Instructions to follow: With the line containing "by apply: le_trans" as the start and the line containing "have l0 : 0 < l." as the end, transcribe that span of the entries below exactly, including both.

Items from a data source
┄┄┄┄┄┄┄┄┄┄

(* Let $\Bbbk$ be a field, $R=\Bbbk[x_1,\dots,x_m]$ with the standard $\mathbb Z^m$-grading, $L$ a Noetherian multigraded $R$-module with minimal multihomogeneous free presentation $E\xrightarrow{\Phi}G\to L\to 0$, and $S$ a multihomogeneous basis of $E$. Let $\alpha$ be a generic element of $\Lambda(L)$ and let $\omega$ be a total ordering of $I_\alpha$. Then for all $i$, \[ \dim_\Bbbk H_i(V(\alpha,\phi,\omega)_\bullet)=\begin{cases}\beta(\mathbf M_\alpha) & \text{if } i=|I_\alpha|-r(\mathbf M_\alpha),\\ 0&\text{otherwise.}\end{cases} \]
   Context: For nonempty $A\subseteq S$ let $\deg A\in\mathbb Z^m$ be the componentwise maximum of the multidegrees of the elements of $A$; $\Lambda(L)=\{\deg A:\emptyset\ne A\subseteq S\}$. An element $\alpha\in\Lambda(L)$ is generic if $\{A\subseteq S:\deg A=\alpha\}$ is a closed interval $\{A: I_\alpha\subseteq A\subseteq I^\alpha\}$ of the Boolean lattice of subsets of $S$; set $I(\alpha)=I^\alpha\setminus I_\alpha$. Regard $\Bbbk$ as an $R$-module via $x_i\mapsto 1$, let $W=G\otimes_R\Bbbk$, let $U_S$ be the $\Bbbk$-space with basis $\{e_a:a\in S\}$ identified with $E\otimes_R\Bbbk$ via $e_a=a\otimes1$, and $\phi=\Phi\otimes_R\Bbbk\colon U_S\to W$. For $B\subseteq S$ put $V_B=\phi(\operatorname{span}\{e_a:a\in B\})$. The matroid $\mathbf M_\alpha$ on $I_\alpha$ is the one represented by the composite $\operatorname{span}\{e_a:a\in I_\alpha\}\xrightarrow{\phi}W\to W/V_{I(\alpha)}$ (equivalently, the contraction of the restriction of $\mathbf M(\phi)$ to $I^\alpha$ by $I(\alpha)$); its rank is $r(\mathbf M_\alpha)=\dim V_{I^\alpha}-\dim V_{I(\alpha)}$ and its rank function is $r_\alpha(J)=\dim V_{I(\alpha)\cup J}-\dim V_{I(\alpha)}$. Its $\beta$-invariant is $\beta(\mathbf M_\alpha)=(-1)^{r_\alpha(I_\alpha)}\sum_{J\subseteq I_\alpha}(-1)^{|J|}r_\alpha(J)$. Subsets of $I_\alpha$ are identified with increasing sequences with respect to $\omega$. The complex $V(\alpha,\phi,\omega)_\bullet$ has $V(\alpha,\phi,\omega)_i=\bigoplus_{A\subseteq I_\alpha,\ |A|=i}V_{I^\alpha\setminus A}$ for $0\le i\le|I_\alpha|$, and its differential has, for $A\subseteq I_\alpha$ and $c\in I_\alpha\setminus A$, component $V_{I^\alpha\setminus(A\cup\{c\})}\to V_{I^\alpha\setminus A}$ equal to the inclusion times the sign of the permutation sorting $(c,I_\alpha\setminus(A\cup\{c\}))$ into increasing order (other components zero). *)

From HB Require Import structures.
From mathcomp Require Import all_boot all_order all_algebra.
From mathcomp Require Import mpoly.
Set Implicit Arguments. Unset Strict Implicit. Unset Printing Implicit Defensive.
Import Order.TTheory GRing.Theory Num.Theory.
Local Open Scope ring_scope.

┄┄┄┄┄┄┄┄┄┄

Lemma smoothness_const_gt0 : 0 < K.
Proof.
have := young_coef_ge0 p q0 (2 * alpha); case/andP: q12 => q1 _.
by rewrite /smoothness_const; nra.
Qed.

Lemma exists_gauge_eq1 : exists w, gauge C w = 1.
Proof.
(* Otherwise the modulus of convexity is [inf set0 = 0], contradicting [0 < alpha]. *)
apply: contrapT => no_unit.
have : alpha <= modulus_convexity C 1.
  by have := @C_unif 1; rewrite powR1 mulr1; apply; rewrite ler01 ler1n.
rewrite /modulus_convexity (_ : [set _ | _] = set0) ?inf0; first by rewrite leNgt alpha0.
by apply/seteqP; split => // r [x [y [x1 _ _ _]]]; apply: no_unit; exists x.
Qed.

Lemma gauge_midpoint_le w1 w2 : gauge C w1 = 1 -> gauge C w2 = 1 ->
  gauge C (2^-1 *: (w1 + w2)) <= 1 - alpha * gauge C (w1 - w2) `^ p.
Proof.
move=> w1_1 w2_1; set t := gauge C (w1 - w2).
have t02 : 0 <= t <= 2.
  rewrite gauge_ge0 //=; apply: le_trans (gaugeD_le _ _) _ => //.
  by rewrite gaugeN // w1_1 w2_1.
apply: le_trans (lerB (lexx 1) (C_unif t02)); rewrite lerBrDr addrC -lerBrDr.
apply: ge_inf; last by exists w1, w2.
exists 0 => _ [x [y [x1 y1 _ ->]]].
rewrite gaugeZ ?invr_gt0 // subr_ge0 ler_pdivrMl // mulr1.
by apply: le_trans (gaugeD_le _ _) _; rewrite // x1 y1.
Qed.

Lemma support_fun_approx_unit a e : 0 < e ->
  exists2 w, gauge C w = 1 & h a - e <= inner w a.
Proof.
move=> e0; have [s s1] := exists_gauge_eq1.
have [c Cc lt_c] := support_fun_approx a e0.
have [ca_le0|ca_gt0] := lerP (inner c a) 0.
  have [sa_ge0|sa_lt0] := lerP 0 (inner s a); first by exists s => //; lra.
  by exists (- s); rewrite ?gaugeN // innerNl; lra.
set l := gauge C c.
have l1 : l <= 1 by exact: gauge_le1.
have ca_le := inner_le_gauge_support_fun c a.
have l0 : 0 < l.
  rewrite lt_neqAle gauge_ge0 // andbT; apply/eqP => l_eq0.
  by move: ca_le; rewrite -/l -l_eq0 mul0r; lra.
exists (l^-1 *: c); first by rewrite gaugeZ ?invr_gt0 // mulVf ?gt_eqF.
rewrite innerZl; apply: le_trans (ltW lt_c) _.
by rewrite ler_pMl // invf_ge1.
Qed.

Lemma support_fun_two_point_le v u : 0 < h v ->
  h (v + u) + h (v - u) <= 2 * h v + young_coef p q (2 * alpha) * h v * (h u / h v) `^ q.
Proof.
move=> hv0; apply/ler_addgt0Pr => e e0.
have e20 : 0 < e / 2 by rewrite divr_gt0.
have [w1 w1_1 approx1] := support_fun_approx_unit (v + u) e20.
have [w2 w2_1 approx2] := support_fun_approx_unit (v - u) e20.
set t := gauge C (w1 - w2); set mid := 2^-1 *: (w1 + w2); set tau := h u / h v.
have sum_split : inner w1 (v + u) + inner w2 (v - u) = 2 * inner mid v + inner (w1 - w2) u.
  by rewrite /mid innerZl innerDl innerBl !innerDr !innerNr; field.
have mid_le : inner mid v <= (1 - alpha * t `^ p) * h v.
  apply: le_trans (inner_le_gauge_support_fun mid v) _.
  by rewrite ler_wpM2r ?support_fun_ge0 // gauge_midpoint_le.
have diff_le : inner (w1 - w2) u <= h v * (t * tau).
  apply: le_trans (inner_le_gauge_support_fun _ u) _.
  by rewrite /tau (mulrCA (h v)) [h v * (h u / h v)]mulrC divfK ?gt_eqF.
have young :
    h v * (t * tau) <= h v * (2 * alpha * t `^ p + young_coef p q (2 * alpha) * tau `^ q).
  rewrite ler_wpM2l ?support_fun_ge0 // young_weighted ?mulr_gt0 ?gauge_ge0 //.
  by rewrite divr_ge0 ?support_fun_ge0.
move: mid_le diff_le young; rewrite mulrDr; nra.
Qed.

┄┄┄┄┄┄┄┄┄┄

Problem solution:
by apply: le_trans (gaugeD_le _ _) _; rewrite // x1 y1.
Qed.

Lemma support_fun_approx_unit a e : 0 < e ->
  exists2 w, gauge C w = 1 & h a - e <= inner w a.
Proof.
move=> e0; have [s s1] := exists_gauge_eq1.
have [c Cc lt_c] := support_fun_approx a e0.
have [ca_le0|ca_gt0] := lerP (inner c a) 0.
  have [sa_ge0|sa_lt0] := lerP 0 (inner s a); first by exists s => //; lra.
  by exists (- s); rewrite ?gaugeN // innerNl; lra.
set l := gauge C c.
have l1 : l <= 1 by exact: gauge_le1.
have ca_le := inner_le_gauge_support_fun c a.
have l0 : 0 < l.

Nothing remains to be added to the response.